Yup, it just came up.


----------



## FreeBirdSam (May 23, 2013)

well fuck.     such an amazing company hope they get this figured out, and hope his health improves


----------



## BigGameHunter (May 23, 2013)

Thanks for the heads up.  Glad I got my order and pet spider without issue.

MP is good at what he does. He will figure it out.


----------



## gmoney66 (May 23, 2013)

Hey guys need some help need ai's n caber any info my dom source stop selling Ai n caber


----------



## Jada (May 23, 2013)

Money :-? Ur kiddin right, if not LOOK AT OUR SPONSOR  Mp for Ur research supplies


----------



## DF (May 23, 2013)

gmoney66 said:


> Hey guys need some help need ai's n caber any info my dom source stop selling Ai n caber



If you need something soon try greatwhite peptides.


----------



## gmoney66 (May 23, 2013)

I got the impression u guys didnt sponsor sauce


----------



## PillarofBalance (May 23, 2013)

Jada said:


> Money :-? Ur kiddin right, if not LOOK AT OUR SPONSOR  Mp for Ur research supplies



Jada you're kidding right? You're in a thread that says hold off on MP orders...



Dfeaton said:


> If you need something soon try greatwhite peptides.



They are my back up as well.



gmoney66 said:


> I got the impression u guys didnt sponsor sauce



We don't have AAS sources no. We brought manpower on for your research needs.


----------



## gmoney66 (May 23, 2013)

Thank u mods for clairifyn much.love


----------



## Seeker (May 23, 2013)

Damn. I felt very comfortable ordering from MP. I was about to shop again, i can wait for a week...i't's worth the wait for me. Hoping for the best.


----------



## BONEBREAKING (May 23, 2013)

thanks for the heads up. Hopefully everything is ok with/at MP


----------



## staxs (May 29, 2013)

Wow wish I would have gotten on here and seen this.
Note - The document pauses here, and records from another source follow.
Lemma refl_stable_stabO (L : {vspace V}) :
  (forall Q, stabO (orthc [set` L]) Q -> is_invariant (mulmxr Q) E) ->
  forall v, v \in L -> refl_stable v.
Proof.
move=> stabE v vL x; apply: invariant_mulmx; apply: stabE.
split=> [|z z_perp]; first exact: orthmx_householder.
by apply: householder_fix; apply: z_perp.
Qed.

Lemma invariant_fix_orthc (M : {vspace V}) Q :
  (forall v, v \in M -> refl_stable v) -> stabO (orthc [set` M]) Q ->
  is_invariant (mulmxr Q) E.
Proof.
move=> SM [QQ Q_fix]; have QtQt : orthmx Q^T by rewrite /orthmx trmxK mulmx1C.
have Qt_fix z : orthc [set` M] z -> z *m Q^T = z.
  by move=> z_perp; rewrite -{1}(Q_fix z z_perp) -mulmxA QQ mulmx1.
apply: invariant_orthmx => // x Ex.
  by have [v vM ->] := mulmx_orthmx_householder x QQ Q_fix; apply: SM.
by have [v vM ->] := mulmx_orthmx_householder x QtQt Qt_fix; apply: SM.
Qed.

End ReflectionStable.

Section SymmetryExtension.
Variables (R : realType) (n : nat) (H L : {vspace 'rV[R]_n}).
Hypothesis HL_perp : forall x, x \in H -> orthc [set` L] x -> x = 0.
Local Notation refl_img := (linfun (mulmxr (reflmx H)) @: L)%VS.

Lemma capv_refl_img_neq0 : (\dim H < \dim L)%N -> (L :&: refl_img)%VS != 0%VS.
Proof.
move=> dimHL; set K := (L :&: lker (linfun (oprojv H)))%VS.
(* R_H acts as -1 on K. *)
have K_neq0 : K != 0%VS.
  have img_sub : (linfun (oprojv H) @: L <= H)%VS.
    by apply/subvP => _ /memv_imgP[x _ ->]; rewrite lfunE oprojv_mem.
  rewrite -dimv_eq0; apply: contraTneq dimHL => K0.
  by rewrite -(limg_ker_dim (linfun (oprojv H)) L) -/K K0 add0n -leqNgt dimvS.
apply: contraNneq K_neq0 => cap0; rewrite -subv0 -cap0; apply/subvP => e.
rewrite !memv_cap memv_ker lfunE /= => /andP[eL /eqP Pe]; rewrite eL /=.
rewrite -[e]opprK memvN; apply/memv_imgP; exists e => //.
by rewrite lfunE /= mul_reflmx Pe scaler0 sub0r.
Qed.

Lemma oprojv_limg_sup : (H <= linfun (oprojv H) @: L)%VS.
Proof.
apply/subvP => h hH; apply: orthc_orthc_mem => y y_perp.
have Py0 : oprojv H y = 0.
  apply: HL_perp; first exact: oprojv_mem.
  move=> l lL; rewrite dotv_oprojv; apply: y_perp.
  by apply/memv_imgP; exists l; rewrite ?lfunE.
by rewrite -(oprojv_id hH) dotv_oprojv Py0 dotv0r.
Qed.

Lemma addv_sub_refl_img : (H + L <= L + refl_img)%VS.
Proof.
rewrite subv_add addvSl andbT; apply: subv_trans oprojv_limg_sup _.
apply/subvP => _ /memv_imgP[l lL ->]; rewrite lfunE /=.
have -> : oprojv H l = 2^-1 *: (l + l *m reflmx H).
  by rewrite mul_reflmx; apply/rowP => i; rewrite !mxE; field.
by apply/memvZ/memv_add => //; apply/memv_imgP; exists l; rewrite ?lfunE.
Qed.

End SymmetryExtension.

Unset Implicit Arguments.
Local Open Scope classical_set_scope.

Theorem lemma3p7 (R : realType) (n : nat) (H L : {vspace 'rV[R]_n})
  (E : set 'rV[R]_n) :
  (forall x, x \in H -> orthc [set y | y \in L] x -> x = 0) ->
  (\dim H < \dim L)%N ->
  E `<=` usphere (R:=R) (n:=n) -> E !=set0 -> closed E ->
  (is_invariant (reflS [set y | y \in H]) E \/
   is_invariant (reflS (orthc [set y | y \in H])) E) ->
  (forall Q, stabO (orthc [set y | y \in L]) Q -> is_invariant (fun x => x *m Q) E) ->
  forall Q, stabO (orthc [set y | y \in (H + L)%VS]) Q ->
    is_invariant (fun x => x *m Q) E.
Proof.
move=> HL_perp dimHL _ _ _ reflE stabE.
have SL := refl_stable_stabO stabE.
have SB w : w \in (linfun (mulmxr (reflmx H)) @: L)%VS -> refl_stable E w.
  case/memv_imgP => l lL ->; rewrite lfunE /=.
  rewrite reflS_mx reflS_orthc_mx in reflE; case: reflE => RE.
    exact: refl_stable_mulmx (orthmx_reflmx H) RE (SL l lL).
  exact: refl_stable_mulmxN (orthmx_reflmx H) RE (SL l lL).
move=> Q; apply: invariant_fix_orthc => v vHL.
apply: refl_orbit_stable SL SB _ _; apply: refl_orbit_full.
  exact: capv_refl_img_neq0.
exact: (subvP (addv_sub_refl_img HL_perp)).
Qed.
Lemma surv_card_le t : reaches t -> ~~ in_BSCC A q ->
  surv #|Q| t <= 1 - xmin A ^+ #|Q|.
Proof.
move=> Rt /forallPn [r]; rewrite negb_imply => /andP [qr nrq].
have /connectP [pth pth_ok r_last] := connect_trans Rt qr.
case: (shortenP pth_ok) r_last => p' p'_ok p'_uniq _ r_last.
have x0 := xmin_gt0 A.
have size_p' : (size p' < #|Q|)%N.
  by have := max_card (mem (t :: p')); rewrite (card_uniqP p'_uniq).
apply: le_trans (_ : surv (size p') t <= _).
  by rewrite -(subnK (ltnW size_p')); exact: surv_leD.
apply: le_trans (surv_path_exit p'_ok _) _; first by rewrite -r_last.
by rewrite lerD2l lerN2 ler_wiXn2l ?(ltW x0) ?xmin_le1 // ltnW.
Qed.

Lemma surv_decay j s : ~~ in_BSCC A q ->
  surv (j * #|Q|) s <= (1 - xmin A ^+ #|Q|) ^+ j.
Proof.
move=> nb; have x0 := xmin_gt0 A.
have rho0 : 0 <= 1 - xmin A ^+ #|Q| by rewrite subr_ge0 exprn_ile1 ?(ltW x0) ?xmin_le1.
have Hk t : surv #|Q| t <= (1 - xmin A ^+ #|Q|) * surv 0 t.
  case Rt : (reaches t); last by rewrite surv_unreach ?Rt // surv0 Rt mulr0.
  by rewrite surv0 Rt mulr1 surv_card_le ?Rt.
elim: j s => [|j IH] s; first by rewrite mul0n expr0 surv_le1.
rewrite mulSn addnC exprS; apply: le_trans (surv_shift rho0 Hk _ _) _.
by rewrite ler_wpM2l.
Qed.

(* Blocks of #|Q| consecutive indices have total weight at most
   #|Q| * rho ^+ j, and the geometric series of rho := 1 - xmin ^+ #|Q| sums
   to xmin ^- #|Q|. *)
Lemma sum_surv_le N s : ~~ in_BSCC A q ->
  \sum_(0 <= n < N) surv n s <= #|Q|%:R / xmin A ^+ #|Q|.
Proof.
move=> nb; set k := #|Q|; set rho := 1 - xmin A ^+ k.
have x0 := xmin_gt0 A.
have k0 : (0 < k)%N by apply/card_gt0P; exists s.
have rho01 : 0 <= rho < 1.
  by rewrite subr_ge0 gtrDl oppr_lt0 exprn_gt0 // exprn_ile1 ?(ltW x0) ?xmin_le1.
have blocks J : \sum_(0 <= n < J * k) surv n s <= k%:R * \sum_(j < J) rho ^+ j.
  elim: J => [|J IH]; first by rewrite mul0n big_geq // big_ord0 mulr0.
  rewrite (big_cat_nat (n := J * k)) //=; last by rewrite leq_mul2r leqnSn orbT.
  rewrite big_ord_recr /= mulrDr lerD //.
  rewrite -[X in \sum_(X <= _ < _) _](add0n (J * k)) big_addn.
  apply: le_trans (_ : \sum_(0 <= i < J.+1 * k - J * k) rho ^+ J <= _).
    by apply: ler_sum => i _; apply: le_trans (surv_leD _ _ _) _; exact: surv_decay.
  by rewrite sumr_const_nat subn0 mulSn addnK mulr_natl.
apply: le_trans (_ : \sum_(0 <= n < N * k) surv n s <= _).
  rewrite [X in _ <= X](big_cat_nat (n := N)) //= ?leq_pmulr // lerDl.
  by apply: sumr_ge0 => i _; exact: surv_ge0.
apply: le_trans (blocks N) _; rewrite ler_wpM2l ?ler0n //.
have -> : xmin A ^+ k = 1 - rho by rewrite /rho opprB addrC subrK.
exact: sumr_geom_le.
Qed.

Lemma hit_unreach n s i : ~~ reaches s -> hit A q n s i = 0.
Proof.
move=> nR; apply/eqP; rewrite eq_le hit_ge0 andbT leNgt.
by apply: contra nR; exact: hit_gt0_connect.
Qed.

Lemma sum_hit_tail_le N n s i : \sum_(0 <= m < N) hit A q (m + n) s i <= surv n s.
Proof.
case Rs : (reaches s); last first.
  by rewrite big1 ?surv_unreach ?Rs // => m _; rewrite hit_unreach ?Rs.
elim: n s i Rs => [|n IH] s i Rs.
  by rewrite surv0 Rs; under eq_bigr do rewrite addn0; exact: sum_hit_le1.
under eq_bigr do rewrite addnS.
rewrite (sum_hitS A q N s i (addn^~ n)) survS Rs mul1r.
case: ifP => _; last by apply: sumr_ge0 => t _; rewrite mulr_ge0 ?Xmat_ge0 ?surv_ge0.
rewrite /Xmat; under [X in _ <= X]eq_bigr do rewrite mulr_suml.
rewrite [X in _ <= X]exchange_big /=; apply: ler_sum => c _; apply: ler_sum => t _.
rewrite ler_wpM2l ?Pp_ge0 //; case Rt : (reaches t); first exact: IH.
by rewrite big1 ?surv_unreach ?Rt // => m _; rewrite hit_unreach ?Rt.
Qed.

(* Writing m * hit m as a sum of m copies and exchanging the sums turns the
   expected hitting time into a sum of tail probabilities. *)
Lemma sum_time_hit_le N s i : ~~ in_BSCC A q ->
  \sum_(0 <= m < N) m%:R * hit A q m s i <= #|Q|%:R / xmin A ^+ #|Q|.
Proof.
move=> nb.
have -> : \sum_(0 <= m < N) m%:R * hit A q m s i =
          \sum_(0 <= n < N) \sum_(n.+1 <= m < N) hit A q m s i.
  have E m : (0 <= m < N)%N ->
      m%:R * hit A q m s i = \sum_(0 <= n < N) if (n < m)%N then hit A q m s i else 0.
    case/andP=> _ mN; rewrite mulr_natl -[m in _ *+ m]subn0 -sumr_const_nat.
    by rewrite (big_nat_widen _ _ _ _ _ (ltnW mN)) big_mkcond.
  rewrite (eq_big_nat _ _ E) exchange_big_nat; apply: eq_bigr => n _.
  by rewrite -big_mkcond (big_nat_widenl _ _ _ _ _ (leq0n n.+1)).
apply: le_trans (_ : \sum_(0 <= n < N) surv n.+1 s <= _).
  apply: ler_sum => n _.
  rewrite -[X in \sum_(X <= _ < _) _](add0n n.+1) big_addn.
  apply: le_trans (sum_hit_tail_le N _ _ i).
  rewrite [X in _ <= X](big_cat_nat (n := N - n.+1)) ?leq_subr //= lerDl.
  by apply: sumr_ge0 => j _; exact: hit_ge0.
apply: le_trans (sum_surv_le N.+1 s nb).
by rewrite big_nat_recl // lerDr surv_ge0.
Qed.

End Survival.

Section Descents.
Variables (Q : finType) (A : pOC Q).

(* [descent s t n h]: a run of n positive steps from s(i) to t(i - 1) whose
   counter stays >= i before the last step and <= i - 1 + h throughout. *)
Inductive descent : Q -> Q -> nat -> nat -> Prop :=
| descent_down s t h :
    0 < Pp A s (-1) t -> (0 < h)%N -> descent s t 1 h
| descent_flat s s' t n h :
    0 < Pp A s 0 s' -> descent s' t n h -> descent s t n.+1 h
| descent_up s s' u t n1 n2 h1 h :
    0 < Pp A s 1 s' -> descent s' u n1 h1 -> descent u t n2 h -> (h1 < h)%N ->
    descent s t (n1 + n2).+1 h.

Inductive descents : Q -> nat -> Q -> nat -> Prop :=
| descents0 s : descents s 0 s 0
| descentsS s u t k n1 n2 h :
    descent s u n1 h -> descents u k t n2 -> descents s k.+1 t (n1 + n2).

Lemma descent_height_gt0 s t n h : descent s t n h -> (0 < h)%N.
Proof. by elim=> // *; apply: leq_ltn_trans (leq0n _) _; eauto. Qed.

Lemma descent_widen s t n h h' : descent s t n h -> (h <= h')%N -> descent s t n h'.
Proof.
move=> D; elim: D h' => {s t n h}
  [s t h P h0|s s' t n h P _ IH|s s' u t n1 n2 h1 h P D1 _ _ IH2 lt] h' hh'.
- exact/descent_down/(leq_trans h0 hh').
- exact/(descent_flat P)/IH.
- exact: descent_up P D1 (IH2 _ hh') (leq_trans lt hh').
Qed.

Lemma descents0_inv s t n : descents s 0 t n -> s = t /\ n = 0%N.
Proof. by move=> D; inversion D. Qed.

Lemma descentsS_inv s k t n : descents s k.+1 t n ->
  exists u n1 n2 h, [/\ descent s u n1 h, descents u k t n2 & n = (n1 + n2)%N].
Proof. by move=> D; inversion D; subst; do 4 eexists; split; eauto. Qed.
Been almost a week and havent heard anything from MP


----------



## Cobra Strike (May 29, 2013)

Yup goin on a week and a half here


----------



## RISE (May 30, 2013)

MP got busted.. not sure what ya'll are waiting for guys?  haha  

Unless there's something I don't know about...


----------



## Bullseye Forever (May 30, 2013)

man I hope he comes back 

what was the bust?


----------



## heavydeads83 (May 30, 2013)

What happened?  I thought this guy was very legit.  Who else has good cialis?  his was the bomb.


----------



## RISE (May 30, 2013)

It was confirmed that he was raided.  All the stuff he sold I believe is legal to sell, I'm guessing you might need a license or something to sell it?


----------



## goodfella (May 30, 2013)

RISE said:


> It was confirmed that he was raided.  All the stuff he sold I believe is legal to sell, I'm guessing you might need a license or something to sell it?



Pretty sure it's cus his stuff was in caps, which hint's it's going to be used by humans. Pep companies need to be marketed a specific way to steal legal.


----------



## RISE (May 31, 2013)

Man, what a shitty way to get busted.


----------



## staxs (Jun 2, 2013)

Wow the time I decide to put in a few hundred dollar order wtf! Guessing im out of the money now


----------



## Bro Bundy (Jun 2, 2013)

gmoney66 said:


> I got the impression u guys didnt sponsor sauce



go with that impression


----------



## Bro Bundy (Jun 2, 2013)

Jada said:


> Money :-? Ur kiddin right, if not LOOK AT OUR SPONSOR  Mp for Ur research supplies



jesus SI future pro get your shit together


----------



## chickenlaksa (Jun 3, 2013)

Urgh... my order is 'waiting fulfillment'. Urgh...


----------



## 11Bravo (Jun 3, 2013)

chickenlaksa said:


> Urgh... my order is 'waiting fulfillment'. Urgh...



You will be waiting quite a while I'm afraid my friend.


----------



## Bullseye Forever (Jun 3, 2013)

damn,get one good one,and something happens


----------



## Bivz82 (Jun 3, 2013)

since mp is down does anyone know of diff res comp that has caber?

thanx


----------



## gymrat827 (Jun 3, 2013)

Bivz82 said:


> since mp is down does anyone know of diff res comp that has caber?
> 
> thanx



lots do.  search around.


----------



## staxs (Jun 6, 2013)

Is there any word on maybe getting our money refunded ?


----------



## DF (Jun 6, 2013)

If his operation was busted I'd think your SOL.


----------



## Bro Bundy (Jun 6, 2013)

staxs said:


> Is there any word on maybe getting our money refunded ?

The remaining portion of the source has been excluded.